Por consiguiente, la ascesis es muy anterior a Platón y a la filosofía que nos indica que el hombre tiene libertad como alma sobre el cuerpo, y que la virtud consiste en que él, partiendo de esa libertad, cree ahora por sí mismo un reino ordenado, una polis. Pero él puede hacer eso sólo si está por encima y si posee la justicia, la virtud que da a cada uno lo suyo, al cuerpo y al alma, a la concupiscencia y a la ira, según la medida que el espíritu tiene en la mano. Aristóteles desarrollará estas ideas. Platón dice cosas hermosas a propósito del eros, al que él reconoce como una fuerza básica del hombre y no reprime, pero a la que él sitúa en una medida cósmica que se remonta desde lo más bajo, desde el amor a un cuerpo bello, pasando por todos los estadios, hasta el amor a lo bello. Y en Fedro indica cómo hay que comportarse con el cuerpo, en ese griego amor de amistad. No todos serán suficientemente fuertes, dice él, pero el que pueda, debe intentar tener todo esto a raya, desde el espíritu, renunciando. Y el borracho Alcibíades, al final del banquete, se tambalea y cuenta cosas un tanto picantes, en concreto, cómo intentó seducir a Sócrates, y lo que pasó en aquella noche, cuando estuvieron solos y yacieron juntos pacíficamente como padre e hijo, pues aquel (Sócrates) era insobornable. Y dice que Sócrates era por fuera como la imagen de un Sileno; pero que hay imágenes que uno puede abrir (como hoy los pequeños relicarios que tienen los cristianos), y dentro hay imágenes divinas. Eso he visto yo: esa imagen divina, dice Alcibíades.

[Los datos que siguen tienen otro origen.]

Lemma ip_le_of_unit_ball_bound (C : R) : (forall f, H1 f -> H2 f) ->
  (forall f, H1 f -> rk_norm ip1 f <= 1 -> rk_norm ip2 f <= C) ->
  forall f, H1 f -> ip2 f f <= C ^+ 2 * ip1 f f.
Proof.
move=> incl ball_bound f H1f.
have [r0|r_neq0] := eqVneq (ip1 f f) 0.
  have -> := rk_def rk1 H1f r0.
  by rewrite (ip0l rk2 (rk_zero rk2)) (ip0l rk1 (rk_zero rk1)) mulr0.
have r_gt0 : 0 < ip1 f f by rewrite lt_def r_neq0 (rk_pos rk1).
set a := (Num.sqrt (ip1 f f))^-1.
have a2r : a ^+ 2 * ip1 f f = 1 by rewrite /a exprVn sqr_sqrtr ?mulVf // ltW.
have H1af := rk_lin rk1 a H1f (rk_zero rk1).
have := ball_bound _ H1af; rewrite /rk_norm (ip_scale rk1 a H1f) a2r sqrtr1 lexx.
move=> /(_ isT); rewrite (ip_scale rk2 a (incl _ H1f)) => sqrt_le.
have le_C2 : a ^+ 2 * ip2 f f <= C ^+ 2.
  have := ler_pM (sqrtr_ge0 _) (sqrtr_ge0 _) sqrt_le sqrt_le.
  rewrite -!expr2 sqr_sqrtr //; apply: mulr_ge0; [exact: sqr_ge0 | exact/(rk_pos rk2)/incl].
have -> : ip2 f f = ip1 f f * (a ^+ 2 * ip2 f f) by rewrite mulrA [_ * a ^+ 2]mulrC a2r mul1r.
by rewrite [C ^+ 2 * _]mulrC ler_wpM2l // ltW.
Qed.

End Inclusion.

Lemma prod1D_subsets (R : comNzRingType) (I : finType) (v : {set I}) (f : I -> R) :
  \prod_(j in v) (1 + f j) = \sum_(u : {set I} | u \subset v) \prod_(j in u) f j.
Proof.
rewrite big_mkcond /=.
rewrite (eq_bigr (fun j => (if j \in v then f j else 0) + 1)); last first.
  by move=> j _; case: ifP => _; rewrite ?add0r // addrC.
rewrite bigA_distr /= [RHS]big_mkcond /=; apply: eq_bigr => u _.
case: ifP => [uv|/negbT/subsetPn [j ju jv]]; last first.
  by rewrite (bigD1 j) //= ju (negbTE jv) mul0r.
rewrite [RHS]big_mkcond; apply: eq_bigr => j _.
by case: ifP => // ju; rewrite (subsetP uv j ju).
Qed.

Section WeightedProductKernels.
Variables (R : realType) (D : Type) (d : nat).

Lemma M_kernel_T_up (C : R) (eta : {set 'I_d} -> R) (m : D -> D -> R) :
  M_kernel (T_up C eta) m = M_kernel eta (fun s t => C ^+ 2 * (1 + m s t)).
Proof.
apply/funeq2P => x y; rewrite /M_kernel /T_up /prod_kernel.
under eq_bigr => u _ do rewrite mulr_suml big_mkcond.
rewrite exchange_big /=; apply: eq_bigr => v _.
rewrite -big_mkcond /= -mulr_sumr big_split /= prodr_const prod1D_subsets exprM; ring.
Qed.

Lemma M_kernel_le (eta : {set 'I_d} -> R) (m1 m2 : D -> D -> R) :
  is_weight eta -> psd_kernel m1 -> psd_le m1 m2 -> psd_le (M_kernel eta m1) (M_kernel eta m2).
Proof.
move=> eta_ge0 psd1 le12; rewrite /M_kernel /prod_kernel.
apply: psd_le_sum => u _; apply: psd_le_scale; first exact: eta_ge0.
apply: (@psd_le_prod _ _ _ _ _ (fun j x y => m1 (x j) (y j)) (fun j x y => m2 (x j) (y j))).
  by move=> j _; exact: psd_comp.
by move=> j _; exact: (psd_comp (fun x : 'I_d -> D => x j) le12).
Qed.

End WeightedProductKernels.

Theorem mainTheorem14 (R : realType) (D : Type) (hD : inhabited D) (d : nat)
  (m mup : D -> D -> R) (C : R) (eta : {set 'I_d} -> R)
  (Hm Hup : (D -> R) -> Prop) (ipm ipup : (D -> R) -> (D -> R) -> R)
  (H1 H2 : (('I_d -> D) -> R) -> Prop)
  (ip1 ip2 : (('I_d -> D) -> R) -> (('I_d -> D) -> R) -> R)
  (* (A1) *)
  (km : reproducing_kernel m) (kup : reproducing_kernel mup)
  (m_nz : exists x y, m x y <> 0) (mup_nz : exists x y, mup x y <> 0)
  (rkm : is_RKHS m Hm ipm)
  (rkup : is_RKHS (fun x y => 1 + mup x y) Hup ipup)
  (incl : forall f, Hm f -> Hup f)
  (C_pos : 0 < C)
  (C_bound : forall f, Hm f -> rk_norm ipm f <= 1 -> rk_norm ipup f <= C)
  (* (A2) *)
  (eta_S : in_S C eta)
  (* the two RKHSs H(M^{eta,m}) and H(M^{eta^up,m^up}) with eta^up = T^up eta *)
  (rk1 : is_RKHS (M_kernel eta m) H1 ip1)
  (rk2 : is_RKHS (M_kernel (T_up C eta) mup) H2 ip2) :
  (forall f, H1 f -> H2 f) /\
  (forall f, H1 f -> rk_norm ip2 f <= rk_norm ip1 f).
Proof.
have ip_le := ip_le_of_unit_ball_bound rkm rkup incl C_bound.
have m_le : psd_le m (fun s t => C ^+ 2 * (1 + mup s t)).
  exact: kernel_le_of_rkhs_incl rkm rkup _ (sqr_ge0 C) incl ip_le.
have M_le : psd_le (M_kernel eta m) (M_kernel (T_up C eta) mup).
  by rewrite M_kernel_T_up; exact: M_kernel_le eta_S (rkhs_psd rkm) m_le.
have H1_sub := rkhs_incl_of_kernel_le rk1 rk2 M_le.
split=> [f /H1_sub [] //|f H1f].
have [_ ip2_le] := H1_sub f H1f.
by rewrite /rk_norm ler_sqrt ?(rk_pos rk1).
Qed.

No es necesario que nos detengamos en los estoicos. Conocemos suficientemente su ascesis. Pero tal vez convenga decir una palabra sobre Epicuro, el filósofo del placer. ¿Qué significa placer? Placer es aquella calma –calma del mar, «galene» suele llamarla él– por la que el hombre posee un equilibrio del estado anímico. Eso es lo mejor, opina Epicuro. Él fue un hombre sencillo que se contentaba con poco, que dijo que no hay que apegarse a nada, y que fue valeroso en los dolores. Poseemos una breve carta que escribió en el lecho de muerte cuando padecía dolores terribles. Nos aconsejó que venzamos los falsos temores. Por eso dejó de lado a los dioses, no esperó nada del más allá, y no mucho o muy poco de los sacerdotes. En cambio tuvo en gran estima la amistad y la benevolencia. No quería nada que enturbiara la conciencia del hombre. Pues nunca puedes confiar en que algo permanezca oculto, dice él. Está en contra de la ambición de la carne y a favor del espíritu que se da por satisfecho con sus limitaciones, afirma en el postulado 20 de su filosofía. Epicuro no responde del todo a la imagen que nosotros tenemos de un epicúreo, pues eso no es un filósofo. No queremos hablar de Plotino, que apuesta todo a la carta de Dios. Soy espíritu, dice él; y todo lo demás que soy debe ser elevado hasta el espíritu; no negado, pero sí trasfigurado.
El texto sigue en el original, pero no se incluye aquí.